What needs to be done — Would you please copy each line of the data in which the string "glue" occurs?

### Entries shown ###

Lemma pmul_supported (a b : elem V E k) :
  supported src tgt a -> supported src tgt b -> supported src tgt (pmul tgt a b).
Proof.
move=> Ha Hb v s Hs; apply: big1 => i _.
have : ~~ valid src tgt v (take i s ++ drop i s) by rewrite cat_take_drop.
by rewrite valid_cat negb_and => /orP [/Hb -> | /Ha ->]; rewrite ?mul0r ?mulr0.
Qed.

Lemma pcomm_supported (a b : elem V E k) :
  supported src tgt a -> supported src tgt b -> supported src tgt (pcomm a b).
Proof.
by move=> Ha Hb v s Hs; rewrite /pcomm !pmul_supported ?subr0.
Qed.

Variables (I : Type) (P : I -> elem V E k).

Lemma in_ideal_ext (y y' : elem V E k) :
  (forall v s, y v s = y' v s) -> in_ideal src tgt P y -> in_ideal src tgt P y'.
Proof.
move=> eq_y [m [a [b [l [Ha [Hb Hy]]]]]].
by exists m, a, b, l; do 2!split=> //; move=> v s; rewrite -eq_y.
Qed.

Lemma in_ideal0 : in_ideal src tgt P (fun _ _ => 0).
Proof.
exists 0%N, (fun _ _ _ => 0), (fun _ _ _ => 0), (fun i : 'I_0 => match notF (ltn_ord i) with end).
by do 2!split=> //; move=> v s; rewrite big_ord0.
Qed.

Lemma in_idealD (y1 y2 : elem V E k) :
  in_ideal src tgt P y1 -> in_ideal src tgt P y2 ->
  in_ideal src tgt P (fun v s => y1 v s + y2 v s).
Proof.
move=> [m1 [a1 [b1 [l1 [Ha1 [Hb1 Hy1]]]]]] [m2 [a2 [b2 [l2 [Ha2 [Hb2 Hy2]]]]]].
pose glue T (F1 : 'I_m1 -> T) (F2 : 'I_m2 -> T) (j : 'I_(m1 + m2)) :=
  match split j with inl i => F1 i | inr i => F2 i end.
exists (m1 + m2)%N, (glue _ a1 a2), (glue _ b1 b2), (glue _ l1 l2).
split; first by move=> j; rewrite /glue; case: (split j).
split; first by move=> j; rewrite /glue; case: (split j).
move=> v s; rewrite big_split_ord Hy1 Hy2 /glue.
congr (_ + _); apply: eq_bigr => i _.
  by rewrite -[lshift _ _]/(unsplit (inl i)) unsplitK.
by rewrite -[rshift _ _]/(unsplit (inr i)) unsplitK.
Qed.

###

Your response —
pose glue T (F1 : 'I_m1 -> T) (F2 : 'I_m2 -> T) (j : 'I_(m1 + m2)) :=
exists (m1 + m2)%N, (glue _ a1 a2), (glue _ b1 b2), (glue _ l1 l2).
split; first by move=> j; rewrite /glue; case: (split j).
split; first by move=> j; rewrite /glue; case: (split j).
move=> v s; rewrite big_split_ord Hy1 Hy2 /glue.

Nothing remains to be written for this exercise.